(RFC)Architecture Design: Scalable OpenTelemetry for Jenkins

Hi everyone,

I am exploring the ‘Use OpenTelemetry for Jenkins Jobs’ project for GSoC 2026. Following a discussion with maintainers on Gitter, I am opening this thread to document the architectural design and trade-offs for ci.jenkins.io.The Challenge Enabling the OTel plugin on the Jenkins infrastructure scale is not just about installation, it requires an engineering strategy to handle High Cardinality and Storage Costs.

Proposed Architecture I have been researching a Backend-Agnostic OTLP Pipeline where the Collector acts as a gateway. The key feature is Tail-based Sampling, which allows us to:

  • Retain 100% of failed build traces (for debugging).
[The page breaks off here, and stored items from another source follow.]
Lemma cross_gram_tail (N m n : nat) (i j : 'I_N) (k l : 'I_n) q (lam t : R) :
  i != j -> 0 < lam -> lam / (m%:R * n%:R) <= 2^-1 ->
  #|[set w : sample_space N m n |
      t < signed_part q (cross_gram (sample_mx R (w i)) (sample_mx R (w j)) k l)]|%:R
    <= #|sample_space N m n|%:R *
       expR (m%:R * (2 * (lam / (m%:R * n%:R)) ^+ 2) - lam * t).
Proof.
move=> ij lam0 lam_small.
set a := lam / (m%:R * n%:R).
pose y r (w : sample_space N m n) := lam * signed_part q (gram_term w i j k l r).
have sub : [set w : sample_space N m n |
      t < signed_part q (cross_gram (sample_mx R (w i)) (sample_mx R (w j)) k l)]
    \subset [set w | lam * t < \sum_r y r w].
  apply/subsetP => w; rewrite !inE cross_gram_sample signed_part_sum -mulr_sumr.
  by rewrite ltr_pM2l.
apply: (@le_trans _ _ #|[set w | lam * t < \sum_r y r w]|%:R).
  by rewrite ler_nat; exact: subset_leq_card sub.
apply: le_trans (exp_markov_card _ _) _.
rewrite [expR (_ - _)]expRD mulrA mulrC ler_wpM2r ?expR_ge0 //.
apply: (sign_symmetric_mgf (f := fun r => flip_sign i r) lam_small).
- by move=> r; apply: flip_sign_involutive.
- by move=> r w; rewrite /y gram_term_flip // eqxx signed_partN mulrN.
- by move=> r r' w r'r; rewrite /y gram_term_flip // (negbTE r'r).
- move=> r w; rewrite /y normrM gtr0_norm // /a ler_pM2l //.
  by apply: signed_part_le_norm; rewrite gram_term_norm.
Qed.

Lemma incoherent_of_small_gram (N m n sigma : nat) (B : 'I_N -> 'M[R[i]]_(m, n)) (t : R) :
  0 <= t ->
  (forall i j, i != j -> forall k l q, signed_part q (cross_gram (B i) (B j) k l) <= t) ->
  pairwise_incoherent B (2 * t * (minn sigma n)%:R) sigma.
Proof.
move=> t0 small i j ij v w sv sw nv nw.
have sparse (x : 'cV[R[i]]_n) : (l0 x <= sigma)%N -> (l0 x <= minn sigma n)%N.
  by move=> sx; rewrite leq_min sx /l0 (leq_trans (max_card _)) ?card_ord.
apply: cinner_le_of_cross_gram (sparse _ sv) (sparse _ sw) nv nw _ => //.
by move=> k l; apply: ReIm_le_of_signed_part => q; apply: small.
Qed.

Lemma failure_card_le (N m n sigma : nat) (t lam : R) :
  0 <= t -> 0 < lam -> lam / (m%:R * n%:R) <= 2^-1 ->
  #|~: [set w : sample_space N m n | `[< pairwise_incoherent
          (fun i => sample_mx R (w i)) (2 * t * (minn sigma n)%:R) sigma >]]|%:R
  <= (N * N * n * n * 4)%:R * (#|sample_space N m n|%:R *
       expR (m%:R * (2 * (lam / (m%:R * n%:R)) ^+ 2) - lam * t)).
Proof.
move=> t0 lam0 lam_small.
pose I := ('I_N * 'I_N * 'I_n * 'I_n * (bool * bool))%type.
pose E (x : I) := [set w : sample_space N m n | t < signed_part x.2
  (cross_gram (sample_mx R (w x.1.1.1.1)) (sample_mx R (w x.1.1.1.2)) x.1.1.2 x.1.2)].
apply: le_trans (@union_bound_card _ I (fun x => x.1.1.1.1 != x.1.1.1.2) E _ _) _.
  move=> w; rewrite !inE => /asboolPn bad.
  apply: contrapT => none; apply: bad; apply: incoherent_of_small_gram => // i j ij k l q.
  rewrite leNgt; apply/negP => big; apply: none; exists (i, j, k, l, q) => //.
  by rewrite inE.
apply: le_trans (ler_sum _ (fun x ij => cross_gram_tail x.1.1.2 x.1.2 x.2 t ij lam0 lam_small)) _.
rewrite sumr_const -[_ *+ #|_|]mulr_natl ler_wpM2r ?mulr_ge0 ?expR_ge0 // ler_nat.
by apply: leq_trans (max_card _) _; rewrite !card_prod !card_ord card_bool.
Qed.

Lemma prob_incoherent_ge (n N m sigma : nat) (delta b : R) : (0 < n)%N ->
  #|~: [set w : sample_space N m n |
         `[< pairwise_incoherent (fun i => sample_mx R (w i)) delta sigma >]]|%:R
     <= b * #|sample_space N m n|%:R ->
  1 - b <= prob_incoherent n N m delta sigma.
Proof.
move=> n0 bad_le; rewrite /prob_incoherent.
set G := [set w | _].
have nonempty : (0 < #|sample_space N m n|)%N.
  by apply/card_gt0P; exists [ffun _ => [ffun _ => (Ordinal n0, true)]].
rewrite ler_pdivlMr ?ltr0n //.
have := congr1 (fun x => x%:R : R) (cardsC G); rewrite natrD => total.
by rewrite -total in bad_le *; lra.
Qed.

Lemma incoherent_degenerate (N m n sigma : nat) (B : 'I_N -> 'M[R[i]]_(m, n)) (delta : R) :
  (N <= 1)%N \/ sigma = 0%N -> pairwise_incoherent B delta sigma.
Proof.
move=> [N_le1 | sigma0] i j ij v w sv _ nv _; exfalso.
  move: ij; suff -> : i = j by rewrite eqxx.
  have := leq_trans (ltn_ord i) N_le1; have := leq_trans (ltn_ord j) N_le1.
  by rewrite !ltnS !leqn0 => /eqP j0 /eqP i0; apply: ord_inj; rewrite i0 j0.
have v0 k : v k 0 = 0.
  apply/eqP; apply: contraT => vk.
  by move: sv; rewrite sigma0 leqn0 /l0 cards_eq0 => /eqP/setP/(_ k); rewrite !inE vk.
move: nv; rewrite /csqnorm big1 => [/eqP|k _]; last by rewrite v0 normr0 expr0n.
by rewrite eq_sym oner_eq0.
Qed.

(* Main estimate: with t = delta / (2 s), s = min(sigma, n), and
   lam = delta m n / 8, the failure probability is at most
   4 N^2 n^2 exp (- delta^2 m / 32). *)
Lemma prob_incoherent_tail (n N m sigma : nat) (delta : R) :
  (0 < n)%N -> (0 < m)%N -> (0 < sigma)%N -> 0 < delta -> delta < 1 ->
  1 - (N * N * n * n * 4)%:R * expR (- (delta ^+ 2 * m%:R / 32))
    <= prob_incoherent n N m delta sigma.
Proof.
move=> n0 m0 sigma0 d0 d1.
set s := minn sigma n.
have s0 : 0 < (s%:R : R) by rewrite ltr0n leq_min sigma0 n0.
have sn : (s%:R : R) <= n%:R by rewrite ler_nat geq_minr.
have mn0 : 0 < (m%:R * n%:R : R) by rewrite mulr_gt0 ?ltr0n.
set t := delta / (2 * s%:R); set lam := delta * m%:R * n%:R / 8.
have t0 : 0 <= t by rewrite divr_ge0 ?mulr_ge0 ?ler0n //; lra.
have lam0 : 0 < lam by rewrite /lam divr_gt0 // !mulr_gt0 ?ltr0n.
have lam_mn : lam / (m%:R * n%:R) = delta / 8.
  by rewrite /lam; field; rewrite !pnatr_eq0 -!lt0n n0 m0.
have delta_eq : 2 * t * s%:R = delta by rewrite /t; field; rewrite gt_eqF.
have exponent : m%:R * (2 * (delta / 8) ^+ 2) - lam * t <= - (delta ^+ 2 * m%:R / 32).
  have -> : lam * t = delta ^+ 2 * m%:R / 16 * (n%:R / s%:R).
    by rewrite /lam /t; field; rewrite gt_eqF.
  have ns : 1 <= (n%:R : R) / s%:R by rewrite ler_pdivlMr // mul1r.
  have : 0 <= delta ^+ 2 * m%:R / 16 by rewrite divr_ge0 // mulr_ge0 // sqr_ge0.
  nra.
apply: prob_incoherent_ge => //.
have lam_small : lam / (m%:R * n%:R) <= 2^-1 by rewrite lam_mn; lra.
have := failure_card_le N sigma t0 lam0 lam_small.
rewrite -/s delta_eq lam_mn => /le_trans; apply.
rewrite mulrCA mulrC ler_wpM2r ?ler0n // ler_wpM2l ?ler0n //.
by rewrite ler_expR.
Qed.

Lemma ln_nat_ge (n : nat) : (2 <= n)%N -> 2^-1 <= ln (n%:R : R).
Proof.
move=> n2.
have ln2 : 2^-1 <= ln (2 : R).
  have h : ln (1 + (- 2^-1)) <= - 2^-1 :> R by apply: le_ln1Dx; lra.
  have e : (1 + (- 2^-1) : R) = 2^-1 by lra.
  by rewrite e lnV ?posrE // in h; lra.
apply: le_trans ln2 _.
by rewrite ler_ln ?posrE ?ler_nat // ltr0n (leq_trans _ n2).
Qed.

Lemma union_tail_le_pow (n N m sigma : nat) (delta : R) :
  (2 <= n)%N -> (2 <= N)%N -> (1 <= sigma)%N -> 0 < delta ->
  3200 * sigma%:R * delta ^- 2 * ln (n%:R) ^+ 4 * ln (N%:R) <= m%:R ->
  (N * N * n * n * 4)%:R * expR (- (delta ^+ 2 * m%:R / 32))
    <= n%:R `^ (- ln (n%:R) ^+ 3).
Proof.
move=> n2 N2 sigma1 d0 hm.
have hu := ln_nat_ge n2; have hv := ln_nat_ge N2.
set u := ln (n%:R : R) in hu hm *; set v := ln (N%:R : R) in hv hm *.
have dm : 3200 * (u ^+ 4 * v) <= delta ^+ 2 * m%:R.
  have : 3200 * sigma%:R * (u ^+ 4 * v) <= delta ^+ 2 * m%:R.
    have -> : 3200 * sigma%:R * (u ^+ 4 * v)
              = delta ^+ 2 * (3200 * sigma%:R * delta ^- 2 * u ^+ 4 * v).
      by field; rewrite gt_eqF.
    by rewrite ler_wpM2l // sqr_ge0.
  have : 0 <= u ^+ 4 * v by rewrite mulr_ge0 ?exprn_ge0 //; lra.
  have : (1 : R) <= sigma%:R by rewrite ler1n.
  nra.
have u4 : 16^-1 <= u ^+ 4.
  have -> : (16^-1 : R) = 2^-1 ^+ 4 by rewrite !exprS expr0; field.
  by rewrite lerXn2r // ?nnegrE //; lra.
have u3 : 8^-1 <= u ^+ 3.
  have -> : (8^-1 : R) = 2^-1 ^+ 3 by rewrite !exprS expr0; field.
  by rewrite lerXn2r // ?nnegrE //; lra.
have poly : 4 * v + 2 * u + u ^+ 4 <= 100 * (u ^+ 4 * v).
  have e4 : u ^+ 4 = u * u ^+ 3 by rewrite exprS.
  set P := u ^+ 4 in u4 dm e4 *; set Q := u ^+ 3 in u3 e4.
  have : 0 <= (P - 16^-1) * v by apply: mulr_ge0; lra.
  have : 0 <= (2 * v - 1) * P by apply: mulr_ge0; lra.
  have : 0 <= u * (Q - 8^-1) by apply: mulr_ge0; lra.
  nra.
have count_le : ((N * N * n * n * 4)%:R : R) <= expR (4 * v + 2 * u).
  have N0 : 0 < (N%:R : R) by rewrite ltr0n (leq_trans _ N2).
  have n0 : 0 < (n%:R : R) by rewrite ltr0n (leq_trans _ n2).
  rewrite expRD !expRM_natl /v /u !lnK ?posrE // !natrM.
  have N2r : (2 : R) <= N%:R by rewrite ler_nat.
  have NN : (4 : R) <= N%:R * N%:R by nra.
  have : 0 <= (n%:R : R) * n%:R by rewrite mulr_ge0.
  rewrite !exprS expr0 !mulr1; nra.
have n_neq0 : (n%:R : R) != 0 by rewrite pnatr_eq0 -lt0n (leq_trans _ n2).
rewrite /powR (negbTE n_neq0).
apply: le_trans (ler_wpM2r (expR_ge0 _) count_le) _.
rewrite -/u -expRD ler_expR mulNr -exprSr; lra.
Qed.

Lemma prob_incoherent_degenerate (n N m sigma : nat) (delta : R) :
  (0 < n)%N -> (N <= 1)%N \/ sigma = 0%N -> 1 <= prob_incoherent n N m delta sigma.
Proof.
move=> n0 degenerate; rewrite -[1]subr0; apply: prob_incoherent_ge => //.
rewrite mul0r lern0 cards_eq0; apply/eqP/setP => w.
by rewrite !inE; apply/negbF/asboolP; apply: incoherent_degenerate.
Qed.

End Incoherence.

Theorem proposition1 (R : realType) :
  exists C : R, 0 < C /\
  forall (n N m sigma : nat) (delta : R),
    (0 < n)%N -> 0 < delta -> delta < 1 ->
    C * sigma%:R * delta ^- 2 * ln (n%:R) ^+ 4 * ln (N%:R) <= m%:R ->
    1 - n%:R `^ (- ln (n%:R) ^+ 3) <= @prob_incoherent R n N m delta sigma.
Proof.
exists 3200; split=> [|n N m sigma delta n0 d0 d1 hm]; first lra.
have pow_ge0 := powR_ge0 (n%:R : R) (- ln (n%:R) ^+ 3).
have [n_le1 | n2] := leqP n 1.
  have -> : n = 1%N by apply/eqP; rewrite eqn_leq n_le1.
  by rewrite powR1 subrr /prob_incoherent divr_ge0 ?ler0n.
have [N2 | N_le1] := leqP 2 N; last first.
  apply: le_trans (prob_incoherent_degenerate m delta n0 (or_introl N_le1)); lra.
have [sigma0 | sigma1] := posnP sigma.
  apply: le_trans (prob_incoherent_degenerate m delta n0 (or_intror sigma0)); lra.
have m0 : (0 < m)%N.
  have ln_pos k : (1 < k)%N -> 0 < ln (k%:R : R) by move=> k1; rewrite ln_gt0 ?ltr1n.
  rewrite -(ltr0n R); apply: lt_le_trans hm.
  by rewrite !mulr_gt0 ?invr_gt0 ?exprn_gt0 ?ltr0n ?ln_pos.
apply: le_trans (prob_incoherent_tail N n0 m0 sigma1 d0 d1).
exact: lerB (lexx 1) (union_tail_le_pow n2 N2 sigma1 d0 hm).
Qed.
  • Aggressively sample successful builds (to save storage).

  • Switch backends (Jaeger, Tempo, Prometheus) without changing Jenkins configuration.

Proof of Concept & Trade-off Analysis I have set up a local lab (Jenkins → Collector → Jaeger) to validate the probabilistic_sampler and load generation. I have compiled my findings, including a detailed analysis of Cardinality vs. Query Speed, in the draft (RFC)Architecture Design: Scalable OpenTelemetry for Jenkins - Google Docs

I would appreciate any feedback from the Infra team, specifically regarding the retention policies for successful builds.

Amanraz Thakur

Update on the Context Propagation Fix

Update: I have successfully implemented and validated the fix for the TRACEPARENT context issue.

The Issue: Previously, the TRACEPARENT environment variable was not correctly updating for steps inside a stage. This caused broken trace hierarchies where steps like sh or bat were not properly nested under their parent stage.

The Fix: I modified OtelEnvironmentContributor.java to explicitly respect the current active span. You can view the implementation here: [Link to The PR]

Visual Verification: I spun up a local Jenkins instance connected to a Jaeger backend to verify the fix. As seen in the screenshot below, the sh step is now correctly indented as a child of the Verification stage, confirming that the trace context is being propagated correctly down the pipeline.